Moctar Cissé

Personal information
- Full name: Moctar Mohamed Cissé
- Date of birth: 10 March 1993 (age 32)
- Place of birth: Bamako, Mali
- Height: 1.76 m (5 ft 9 in)
- Position(s): Forward

Team information
- Current team: US Biskra
- Number: 15

Senior career*
- Years: Team / Apps / (Gls)
- 20??–2014: AS Real Bamako
- 2014–2015: Stade Malien
- 2015–2016: Wydad Casablanca / 7 / (2)
- 2016: → AS Salé (loan) / 10 / (5)
- 2016–2017: KF Tirana / 23 / (2)
- 2017–2018: CS Constantine / 23 / (4)
- 2018: NA Hussein Dey / 2 / (0)
- 2019: Al-Ain / ? / (?)
- 2019–: US Biskra

International career^{‡}
- 2015–: Mali / 2 / (0)

= Moctar Cissé =

Malian footballer

Moctar Mohamed Cissé (born 10 March 1993) is a Mali international footballer who is playing for US Biskra. He previously played for Malian clubs AS Real Bamako and Stade Malien and for Moroccan clubs Wydad Casablanca and AS Salé. He has represented his country at under-23 and senior level.

==Club career==
Playing for AS Real Bamako, Cissé finished the 2013–14 season as Malian Première Division joint top scorer, with 15 goals. His goal in the away leg against Enyimba helped his club proceed to the second qualifying round of the 2014 CAF Champions League on away goals., Although Real lost in that round, they were able to qualify for the 2014 CAF Confederation Cup group stage.

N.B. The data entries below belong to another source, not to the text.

Lemma iter_Tmap_stuck x k j :
  (Nat.iter k Tmap x = 0 \/ Nat.iter k Tmap x = 1) -> (k <= j)%nat ->
  Nat.iter j Tmap x = 0 \/ Nat.iter j Tmap x = 1.
Proof.
  intros Hk Hj. induction Hj as [|j _ IH]; [exact Hk|].
  rewrite Nat.iter_succ. destruct IH as [-> | ->]; unfold Tmap; repeat destruct Rlt_dec; lra.
Qed.

Lemma not_mid_zone_0_1 y : y = 0 \/ y = 1 -> ~ mid_zone y.
Proof.
  unfold mid_zone, Umap. intros [-> | ->]; repeat destruct Rlt_dec; try lra;
    intros [H | H]; discriminate H.
Qed.

Lemma relpos_piece_of_tracks lam x n : 0 <= x <= 1 ->
  let t := relpos (piece_of lam n x) x in 0 <= t <= 1 /\ tracks (Nat.iter n Tmap x) t.
Proof.
  intros Hx. induction n as [|n [Ht Htr]]; cbn zeta in *.
  - rewrite relpos_piece_of_0. unfold tracks. cbn. lra.
  - rewrite relpos_piece_of_S. split.
    + now apply zone_shift_unit.
    + now apply Tmap_tracks.
Qed.

Lemma beta12_S_not_mid x k : ~ mid_zone (Nat.iter k Tmap x) -> beta12 x (S k) = beta12 x k.
Proof.
  unfold mid_zone. intros Hk. cbn [beta12]. unfold digit.
  destruct (Nat.eqb_spec (Umap (Nat.iter k Tmap x)) 1),
    (Nat.eqb_spec (Umap (Nat.iter k Tmap x)) 2);
    cbn; tauto || lia.
Qed.

Lemma mid_digits_often x : ~ in_Etilde x ->
  forall N, exists k, (N <= k)%nat /\ mid_zone (Nat.iter k Tmap x).
Proof.
  intros HE N. apply NNPP. intros Hno. apply HE. exists N. intros n Hn.
  induction Hn as [|n Hn IH]; [reflexivity|].
  rewrite beta12_S_not_mid; [exact IH|]. intros Hmid. apply Hno. eauto.
Qed.

Lemma mid_zones_often lam x : 0 <= x <= 1 -> ~ in_Etilde x ->
  forall N, exists k, (N <= k)%nat /\ mid_zone (relpos (piece_of lam k x) x).
Proof.
  intros Hx HE N. destruct (mid_digits_often x HE N) as (k & Hk & Hmid).
  exists k. split; [exact Hk|].
  destruct (relpos_piece_of_tracks lam x k Hx) as [Ht Htr].
  destruct (mid_zone_tracks _ _ Ht Htr Hmid) as [H | Hstuck]; [exact H|].
  (* once the orbit reaches a fixed point 0 or 1 it produces no more digits 1, 2 *)
  destruct (mid_digits_often x HE (S k)) as (j & Hj & Hmid').
  exfalso. apply (not_mid_zone_0_1 _ (iter_Tmap_stuck x (S k) j Hstuck Hj) Hmid').
Qed.

Lemma is_lim_seq_p_infty_expanding (u : nat -> R) (r : R) : 1 < r ->
  (forall n, u n <= u (S n)) ->
  (forall N, exists n, (N <= n)%nat /\ r * Rmax 1 (u n) <= u (S n)) ->
  is_lim_seq u p_infty.
Proof.
  intros Hr Hmono Hexp.
  assert (Hmono' : forall i j, (i <= j)%nat -> u i <= u j).
  { intros i j Hij. induction Hij as [|j _ IH]; [lra|].
    eapply Rle_trans; [exact IH|apply Hmono]. }
  assert (Hpow : forall K, exists N, forall n, (N <= n)%nat -> r ^ S K <= u n).
  { induction K as [|K [N HN]].
    - destruct (Hexp 0%nat) as (n & _ & Hn). exists (S n). intros j Hj.
      pose proof (Rmax_l 1 (u n)). pose proof (Hmono' _ _ Hj). rewrite pow_1. nra.
    - destruct (Hexp N) as (n & Hn & Hexpn). exists (S n). intros j Hj.
      pose proof (HN n Hn). pose proof (Rmax_r 1 (u n)). pose proof (Hmono' _ _ Hj).
      rewrite <- tech_pow_Rmult. nra. }
  apply is_lim_seq_spec. intros M.
  destruct (proj2 (is_lim_seq_spec _ _) (is_lim_seq_geom_p r Hr) M) as [K HK].
  destruct (Hpow K) as [N HN]. exists N. intros n Hn.
  specialize (HK (S K) ltac:(lia)). specialize (HN n Hn). lra.
Qed.

Lemma abs_mslope_S lam n x : 1/3 <= lam ->
  Rabs (mslope lam n x) <= Rabs (mslope lam (S n) x) /\
  (mid_zone (relpos (piece_of lam n x) x) ->
   (6 * lam - 1) * Rmax 1 (Rabs (mslope lam n x)) <= Rabs (mslope lam (S n) x)).
Proof.
  intros Hl. destruct (mslope_S lam n x) as [Hmid Hout].
  assert (Hexp : mid_zone (relpos (piece_of lam n x) x) ->
    (6 * lam - 1) * Rmax 1 (Rabs (mslope lam n x)) <= Rabs (mslope lam (S n) x)).
  { intros H. apply jumped_abs_expands; [lra|]. now apply Hmid. }
  split; [|exact Hexp].
  destruct (classic (mid_zone (relpos (piece_of lam n x) x))) as [H | H].
  - specialize (Hexp H). pose proof (Rmax_r 1 (Rabs (mslope lam n x))).
    pose proof (Rmax_l 1 (Rabs (mslope lam n x))). nra.
  - rewrite (Hout H). lra.
Qed.

Lemma abs_mslope_p_infty lam x : 1/3 < lam -> 0 <= x <= 1 -> ~ in_Etilde x ->
  is_lim_seq (fun n => Rabs (mslope lam n x)) p_infty.
Proof.
  intros Hl Hx HE. apply (is_lim_seq_p_infty_expanding _ (6 * lam - 1)); [lra| |].
  - intros n. apply abs_mslope_S. lra.
  - intros N. destruct (mid_zones_often lam x Hx HE N) as (k & Hk & Hmid).
    exists k. split; [exact Hk|]. apply abs_mslope_S; [lra|exact Hmid].
Qed.

Theorem lemma3p5 (lam : R) (Hlam : 1/6 < lam < 5/6) :
  (forall x : R, 0 <= x <= 1 -> ~ in_E x ->
     forall n : nat, (1 <= n)%nat -> mslope lam n x <> 0 ->
       sqrt (36 * lam ^ 2 - 1) <= Rabs (mslope lam n x) <= mplus lam n)
  /\
  (exists c C : R, 0 < c /\ c <= C /\
     forall n : nat, (1 <= n)%nat ->
       c * (6 * lam + 1) ^ n <= mplus lam n <= C * (6 * lam + 1) ^ n)
  /\
  (1/3 < lam ->
     forall x : R, 0 <= x <= 1 -> ~ in_Etilde x ->
       is_lim_seq (fun n : nat => Rabs (mslope lam n x)) p_infty).
Proof.
  split; [|split].
  - intros x _ _ n _ Hn. split.
    + now apply mslope_nonzero_ge.
    + apply mslope_le_mplus.
  - apply mplus_asymptotics. lra.
  - intros Hl x Hx HE. now apply abs_mslope_p_infty.
Qed.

Cissé signed for Malian champions Stade Malien for the new season. He played and scored for them in the 2015 CAF Champions League, and, as in the previous season, failed to reach the main competition but qualified for the Confederation Cup group stage.

He moved on to reigning Moroccan champions Wydad Casablanca ahead of the 2015–16 season. He scored twice in the second match of the season in a 3–1 defeat of 2015 runners-up Olympique Club de Khouribga. After some confusion about his destination, Cissé spent the second half of the season on loan at AS Salé of the Moroccan second tier.

He joined Albanian Superliga club KF Tirana ahead of the 2016–17 season, signing a two-year contract. However, Wydad Casablanca claimed he was still under contract to them. The player appealed to FIFA, who ruled that he was free to play for KF Tirana, and he finally made his debut on 16 October in a 2–1 win against Skënderbeu.

==International career==
Cissé has represented his country in the qualification process for the 2015 Africa U-23 Cup of Nations, which doubled as qualifiers for the 2016 Olympics, and, at senior level, in the 2016 CHAN qualifiers.